Answer
The range $x$ that the ball reaches is $2m$.
Work Step by Step
1) Before the tennis ball becomes airborne:
The tennis ball has $v_0=0m/s$, $\omega_0=0$ and $h_f-h_0=-1.8m$.
Its moment of inertia $I=\frac{2}{3}mr^2$ so $KE_R=\frac{1}{2}I\omega^2=\frac{1}{3}mr^2\omega^2$
According to the principle of energy conservation: $$E_f-E_0=0$$ $$\frac{1}{2}m(v_f^2)+\frac{1}{3}mr^2(\omega_f^2)+mg(h_f-h_0)=0$$ $$\frac{1}{2}m(v_f^2)+\frac{1}{3}mr^2\Big(\frac{v_f^2}{r^2}\Big)+mg(h_f-h_0)=0$$ $$\frac{1}{2}(v_f^2)+\frac{1}{3}(v_f^2)+g(h_f-h_0)=0$$ $$\frac{5}{6}(v_f^2)+g(h_f-h_0)=0$$ $$v_f=\sqrt{-\frac{6g(h_f-h_0)}{5}}=4.6m/s$$ which is the translational speed of the ball just before it becomes airborne.

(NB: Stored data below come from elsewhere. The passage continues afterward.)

(* Deleting one vertex v from a simple path leaves two subpaths, each
   containing an endpoint. *)
Lemma uniq_path_conn_in_end S x p v z : path e x p -> uniq (x :: p) ->
  {subset x :: p <= S} -> z \in x :: p -> z != v ->
  conn (S :\ v) z x \/ conn (S :\ v) z (last x p).
Proof.
elim: p x z => [|a p IH] x z /=.
  by move=> _ _ _; rewrite inE => /eqP-> _; left; apply: conn_in_refl.
case/andP=> exa pp /andP[xNp up] sub; rewrite inE => /orP[/eqP-> _|zp zv].
  by left; apply: conn_in_refl.
have sub' : {subset a :: p <= S} by move=> w wp; apply: sub; rewrite inE wp orbT.
case: (eqVneq x v) => [xv|xv].
  right; apply: (proj2 (@path_conn_in _ a p z pp _ zp)) => w wp.
  by rewrite !inE sub' // andbT; apply: contraNneq xNp => wv; rewrite xv -wv.
have [zx|] := IH a z pp up sub' zp zv; last by right.
left; apply: (conn_in_trans zx); have av : a != v.
  by case: (eqVneq z a) zx => [<-//|za /conn_in_mem/(_ za)]; rewrite !inE => /andP[].
by apply: conn_in_edge; rewrite 1?e_sym // !inE ?av ?xv sub // !inE eqxx ?orbT.
Qed.

Lemma two_connected_neq0 S : two_connected e S -> S != set0.
Proof. by case/andP=> /andP[]. Qed.

Lemma two_connected_conn S x y :
  two_connected e S -> x \in S -> y \in S -> conn S x y.
Proof.
case/andP=> /andP[_ /forallP/(_ x)/implyP H] _ xS yS.
by move/(_ xS)/forallP/(_ y)/implyP: H; apply.
Qed.

Lemma two_connected_connD1 S v x y :
  two_connected e S -> x \in S :\ v -> y \in S :\ v -> conn (S :\ v) x y.
Proof.
move=> tS; have /andP[_ /forallP/(_ v)] := tS; rewrite negb_and.
case/orP=> [vNS | /existsPn H] xv yv.
  have [[_ xS] [_ yS]] := (setD1P xv, setD1P yv).
  apply: conn_in_sub (two_connected_conn tS xS yS).
  by apply/subsetP => w wS; rewrite !inE wS andbT; apply: contraNneq vNS => <-.
by have := H x; rewrite xv => /existsPn/(_ y); rewrite yv negbK.
Qed.

Lemma two_connectedI S : S != set0 ->
  (forall x y, x \in S -> y \in S -> conn S x y) ->
  (forall v x y, x \in S :\ v -> y \in S :\ v -> conn (S :\ v) x y) ->
  two_connected e S.
Proof.
move=> S0 H1 H2; apply/andP; split.
  rewrite /connected_in S0; apply/forall_inP => x xS; apply/forall_inP => y yS.
  exact: H1.
apply/forallP => v; apply/negP => /andP[_ /exists_inP[x xv /exists_inP[y yv /negP]]].
by apply; apply: H2.
Qed.

Lemma two_connected_edge a b : e a b -> two_connected e [set a; b].
Proof.
move=> eab.
have K S x y : x \in [set a; b] -> y \in [set a; b] -> x \in S -> y \in S -> conn S x y.
  rewrite !inE => /orP[]/eqP-> /orP[]/eqP-> aS bS; rewrite ?conn_in_refl //.
    exact: conn_in_edge.
  by rewrite conn_in_sym; apply: conn_in_edge.
apply: two_connectedI; first by apply/set0Pn; exists a; rewrite !inE eqxx.
  by move=> x y xS yS; apply: K.
move=> v x y xv yv; apply: (K _ _ _ _ _ xv yv).
  by case/setD1P: xv.
by case/setD1P: yv.
Qed.

Lemma two_connected_ear S1 S2 c x p :
  two_connected e S1 -> two_connected e S2 -> c \in S1 -> c \in S2 ->
  x \in S1 -> path e x p -> uniq (x :: p) -> c \notin x :: p -> last x p \in S2 ->
  two_connected e (S1 :|: S2 :|: [set w in x :: p]).
Proof.
move=> t1 t2 c1 c2 x1 pp up cNp l2; set K := _ :|: _.
have s1K : S1 \subset K by rewrite /K -setUA subsetUl.
have s2K : S2 \subset K by rewrite /K -setUA setUCA subsetUl.
have pK : {subset x :: p <= K} by move=> w wp; rewrite /K in_setU in_set wp orbT.
have connD1 S v z h : S \subset K -> two_connected e S -> z \in S :\ v -> h \in S :\ v ->
    conn (K :\ v) z h.
  by move=> sSK tS zS hS; apply: conn_in_sub (setSD _ sSK) (two_connected_connD1 tS zS hS).
apply: two_connectedI.
- by apply/set0Pn; exists c; rewrite !inE c1.
- apply: (@conn_in_hub _ c) => z; rewrite !in_setU in_set => /orP[/orP[] zS | zp].
  + exact: conn_in_sub s1K (two_connected_conn t1 zS c1).
  + exact: conn_in_sub s2K (two_connected_conn t2 zS c2).
  + rewrite conn_in_sym; apply: conn_in_trans (conn_in_sub s1K (two_connected_conn t1 c1 x1)) _.
    exact: (proj1 (path_conn_in pp pK zp)).
move=> v; case: (eqVneq v c) => [->|vc].
  have pKc : {subset x :: p <= K :\ c}.
    by move=> w wp; rewrite in_setD1 pK // andbT; apply: contraNneq cNp => <-.
  have xc : x \in S1 :\ c.
    by rewrite in_setD1 x1 andbT; apply: contraNneq cNp => <-; apply: mem_head.
  have lc : last x p \in S2 :\ c.
    by rewrite in_setD1 l2 andbT; apply: contraNneq cNp => <-; apply: mem_last.
  have [_ xl] := path_conn_in pp pKc (mem_head _ _).
  apply: (@conn_in_hub _ x) => z.
  rewrite in_setD1 !in_setU in_set => /andP[zc /orP[/orP[] zS | zp]].
  + by apply: (connD1 S1) => //; rewrite !inE zc.
  + rewrite conn_in_sym; apply: conn_in_trans xl _.
    by apply: (connD1 S2) => //; rewrite !inE zc.
  + by rewrite conn_in_sym; apply: (proj1 (path_conn_in pp pKc zp)).
have cv1 : c \in S1 :\ v by rewrite !inE c1 andbT eq_sym.
have cv2 : c \in S2 :\ v by rewrite !inE c2 andbT eq_sym.
apply: (@conn_in_hub _ c) => z.
rewrite in_setD1 !in_setU in_set => /andP[zv /orP[/orP[] zS | zp]].
- by apply: (connD1 S1) => //; rewrite !inE zv.
- by apply: (connD1 S2) => //; rewrite !inE zv.
have [zx|zl] := uniq_path_conn_in_end pp up pK zp zv.
  have xv : x \in S1 :\ v.
    rewrite !inE x1 andbT; case: (eqVneq z x) => [<-//|zx'].
    by have := conn_in_mem zx zx'; rewrite !inE => /andP[].
  by apply: conn_in_trans zx (connD1 S1 _ _ _ _ _ _ _).
have lv : last x p \in S2 :\ v.
  rewrite !inE l2 andbT; case: (eqVneq z (last x p)) => [<-//|zl'].
  by have := conn_in_mem zl zl'; rewrite !inE => /andP[].
by apply: conn_in_trans zl (connD1 S2 _ _ _ _ _ _ _).
Qed.

Definition comp_in S x := [set y in S | conn S x y].

Lemma comp_in_eq S x c : c \in comp_in S x -> comp_in S x = comp_in S c.
Proof.
rewrite inE => /andP[_ xc]; apply/setP => y; rewrite !inE; case: (y \in S) => //=.
apply/idP/idP => [xy | cy]; last exact: conn_in_trans cy.
by rewrite conn_in_sym in xc; apply: conn_in_trans xy.
Qed.

Lemma comp_in_conn S x a b :
  a \in comp_in S x -> b \in comp_in S x -> conn (comp_in S x) a b.
Proof.
move=> aC; rewrite (comp_in_eq aC) => bC.
have aS : a \in S by move: aC; rewrite inE => /andP[].
have := @conn_in_setI S (comp_in S a) a b.
have -> : S :&: comp_in S a = comp_in S a.
  by apply/setIidPr/subsetP => y; rewrite inE => /andP[].
move: bC; rewrite inE => /andP[_ ab]; apply=> // w aw; rewrite inE aw andbT.
by case: (eqVneq a w) aw => [<-//|/[swap] /conn_in_mem/[apply]].
Qed.

(** * Blocks and segments of G - Z *)

Variable Z : {set T}.
Local Notation V := (~: Z).

Lemma block_sub B : block e Z B -> B \subset V.
Proof. by case/and3P. Qed.

Lemma block_two_connected B : block e Z B -> two_connected e B.
Proof. by case/and3P. Qed.

Lemma block_max B D :
  block e Z B -> D \subset V -> two_connected e D -> B \subset D -> D = B.
Proof. by case/and3P=> _ _ /forallP/(_ D)/implyP H DV tD BD; apply/eqP/H; rewrite DV tD. Qed.

Lemma block_exists S :
  S \subset V -> two_connected e S -> exists2 B, block e Z B & S \subset B.
Proof.
move=> SV tS; pose P D := [&& D \subset V, two_connected e D & S \subset D].
have PS : P S by rewrite /P SV tS subxx.
case: (@arg_maxnP _ S P (fun D => #|D|) PS) => B /and3P[BV tB SB] Bmax.
exists B => //; rewrite /block BV tB; apply/forall_inP => D /and3P[DV tD BD].
by rewrite eq_sym eqEcard BD /=; apply: Bmax; rewrite /P DV tD (subset_trans SB BD).
Qed.

Lemma block_neq0 B : block e Z B -> exists x, x \in B.
Proof. by move/block_two_connected/two_connected_neq0/set0Pn. Qed.

Lemma block_conn B x y : block e Z B -> x \in B -> y \in B -> conn V x y.
Proof.
move=> bB xB yB.
exact: conn_in_sub (block_sub bB) (two_connected_conn (block_two_connected bB) xB yB).
Qed.

Lemma block_subD1 B c : block e Z B -> c \notin B -> B \subset V :\ c.
Proof.
move=> bB cB; apply/subsetP => w wB; rewrite in_setD1 (subsetP (block_sub bB)) // andbT.
by apply: contraNneq cB => <-.
Qed.

Lemma block_setD1_neq0 B D c :
  block e Z B -> block e Z D -> B != D -> c \in D -> B :\ c != set0.
Proof.
move=> bB bD BD cD; apply: contraNneq BD => B0; apply/eqP/esym.
apply: (block_max bB (block_sub bD) (block_two_connected bD)).
apply/subsetP => w wB; case: (eqVneq w c) => [->//|wc].
have : w \in B :\ c by rewrite !inE wc.
by rewrite B0 inE.
Qed.

Lemma block_eq_of_connD1 B1 B2 c x y :
  block e Z B1 -> block e Z B2 -> c \in B1 -> c \in B2 ->
  x \in B1 :\ c -> y \in B2 :\ c -> conn (V :\ c) x y -> B1 = B2.
Proof.
move=> b1 b2 c1 c2 xB1 yB2 /connectP[p /path_rel_in[pe pV] yl]; subst y; move: yB2.
case: (shortenP pe) => q qe uq qp yB2.
have [xc x1] := setD1P xB1; have [_ y2] := setD1P yB2.
have qVc : {subset q <= V :\ c} by move=> w /qp/pV.
have cNq : c \notin x :: q.
  by rewrite inE negb_or eq_sym xc; apply/negP => /qVc; rewrite !inE eqxx.
have tK := two_connected_ear (block_two_connected b1) (block_two_connected b2)
  c1 c2 x1 qe uq cNq y2.
have KV : B1 :|: B2 :|: [set w in x :: q] \subset V.
  rewrite !subUset (block_sub b1) (block_sub b2); apply/subsetP => w.
  rewrite in_set inE => /orP[/eqP->|/qVc]; first exact: subsetP (block_sub b1) x x1.
  by case/setD1P.
have KB1 := block_max b1 KV tK (subset_trans (subsetUl _ _) (subsetUl _ _)).
apply: (block_max b2 (block_sub b1) (block_two_connected b1)).
by rewrite -KB1 -setUA setUCA subsetUl.
Qed.

Section Segments.
Variables (l : nat) (part : T -> 'I_l).

Local Notation class i := ([set v | part v == i] :\: Z).

Lemma segmentP I : segment e part Z I -> exists i x, I = comp_in (class i) x.
Proof. by case/existsP=> i /exists_inP[x _ /eqP->]; exists i, x. Qed.

Lemma segment_sub I : segment e part Z I -> I \subset V.
Proof.
case/segmentP=> i [x ->]; apply/subsetP => y; rewrite !inE => /andP[/andP[yNZ _] _].
by rewrite yNZ.
Qed.

Lemma segment_conn I a b : segment e part Z I -> a \in I -> b \in I -> conn I a b.
Proof. by case/segmentP=> i [x ->]; apply: comp_in_conn. Qed.

Lemma segment_eq I1 I2 c :
  segment e part Z I1 -> segment e part Z I2 -> c \in I1 -> c \in I2 -> I1 = I2.
Proof.
case/segmentP=> i [x ->] /segmentP[j [y ->]] cI1 cI2.
have partc k z : c \in comp_in (class k) z -> part c = k.
  by rewrite !inE => /andP[/andP[_ /eqP]].
move: (partc _ _ cI1) (partc _ _ cI2) => ci cj; subst i j.
by rewrite (comp_in_eq cI1) (comp_in_eq cI2).
Qed.

End Segments.

(** * The rooted block forest *)

Variable Rt : {set {set T}}.
Hypothesis hRt : valid_roots e Z Rt.

Local Notation root := (root_of e Z Rt).

Lemma root_block R : R \in Rt -> block e Z R.
Proof. by move=> RR; case/andP: hRt => /forall_inP/(_ R RR). Qed.

Lemma root_ofP C : block e Z C ->
  [/\ root C \in Rt, same_comp e Z C (root C) &
      forall R, R \in Rt -> same_comp e Z C R -> R = root C].
Proof.
move=> bC; case/andP: hRt => _ /forallP/(_ C)/implyP/(_ bC)/cards1P[R0 HR0].
have memR0 R : (R \in Rt) && same_comp e Z C R = (R == R0) by rewrite -in_set1 -HR0 inE.
rewrite /root_of; case: pickP => [R /= HR | /(_ R0)]; last by rewrite memR0 eqxx.
move: (HR); rewrite memR0 => /eqP RR0; subst R; case/andP: HR => RR sCR; split=> //.
by move=> R' R'R sCR'; apply/eqP; rewrite -memR0 R'R sCR'.
Qed.

Lemma root_of_conn C D u w : block e Z C -> block e Z D -> u \in C -> w \in D ->
  conn V u w -> root C = root D.
Proof.
move=> bC bD uC wD uw.
have [RR /exists_inP[x xC /exists_inP[y yR xy]] _] := root_ofP bC.
have [_ _ rootD] := root_ofP bD; apply: rootD => //.
apply/exists_inP; exists w => //; apply/exists_inP; exists y => //.
rewrite conn_in_sym in uw; apply: conn_in_trans uw _.
exact: conn_in_trans (block_conn bC uC xC) xy.
Qed.

Lemma root_of_root R : R \in Rt -> root R = R.
Proof.
move=> RR; have bR := root_block RR; have [x xR] := block_neq0 bR.
have [_ _ rootR] := root_ofP bR; apply/esym/rootR => //; apply/exists_inP; exists x => //.
by apply/exists_inP; exists x => //; apply: conn_in_refl.
Qed.

(* For the cut vertex c separating C from its root, the vertices hanging
   below C at c. *)
Definition branch C c := [set y | [exists x in C :\ c, conn (V :\ c) x y]].

Lemma notin_branch C c : c \notin branch C c.
Proof.
rewrite inE; apply/exists_inP => -[x /setD1P[xc _] /conn_in_mem/(_ xc)].
by rewrite !inE eqxx.
Qed.

Lemma branch_conn C c z z' : z \in branch C c -> conn (V :\ c) z z' -> z' \in branch C c.
Proof.
rewrite !inE => /exists_inP[x xC xz] zz'.
by apply/exists_inP; exists x; last exact: conn_in_trans zz'.
Qed.

Lemma mem_branch C c x : x \in C :\ c -> x \in branch C c.
Proof. by move=> xC; rewrite inE; apply/exists_inP; exists x; last exact: conn_in_refl. Qed.

Lemma sep_vertexP R C c : reflect
  [/\ c \in C, C :\ c != set0, R :\ c != set0 &
      forall x y, x \in C :\ c -> y \in R :\ c -> ~~ conn (V :\ c) x y]
  (sep_vertex e Z R C c).
Proof.
apply: (iffP and4P) => -[cC C0 R0 H]; split=> //.
  by move=> x y xC yR; move/forall_inP/(_ x xC)/forall_inP: H; apply.
by apply/forall_inP => x xC; apply/forall_inP => y yR; apply: H.
Qed.

Lemma branch_sep_vertex R C c y : sep_vertex e Z R C c -> y \in R -> y \notin branch C c.
Proof.
move=> /sep_vertexP[_ _ _ H] yR; apply/negP => yC.
have yc : y != c by apply: contraTneq yC => ->; apply: notin_branch.
move: yC; rewrite inE => /exists_inP[x xC]; apply/negP/H => //.
by rewrite !inE yc.
Qed.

2) After the ball becomes airborne:
The ball's velocity has components $v_x=v\cos35=3.77m/s$ and $v_y=2.64m/s$
On the vertical side, the ball has initial velocity $v_0=2.64m/s$, final velocity $v_f=-2.64m/s$ and acceleration $g=-9.8m/s^2$. The time it is in the air is $$t=\frac{v_f-v_0}{g}=0.539s$$
The range $x$ that the ball reaches is $x=v_xt=2m$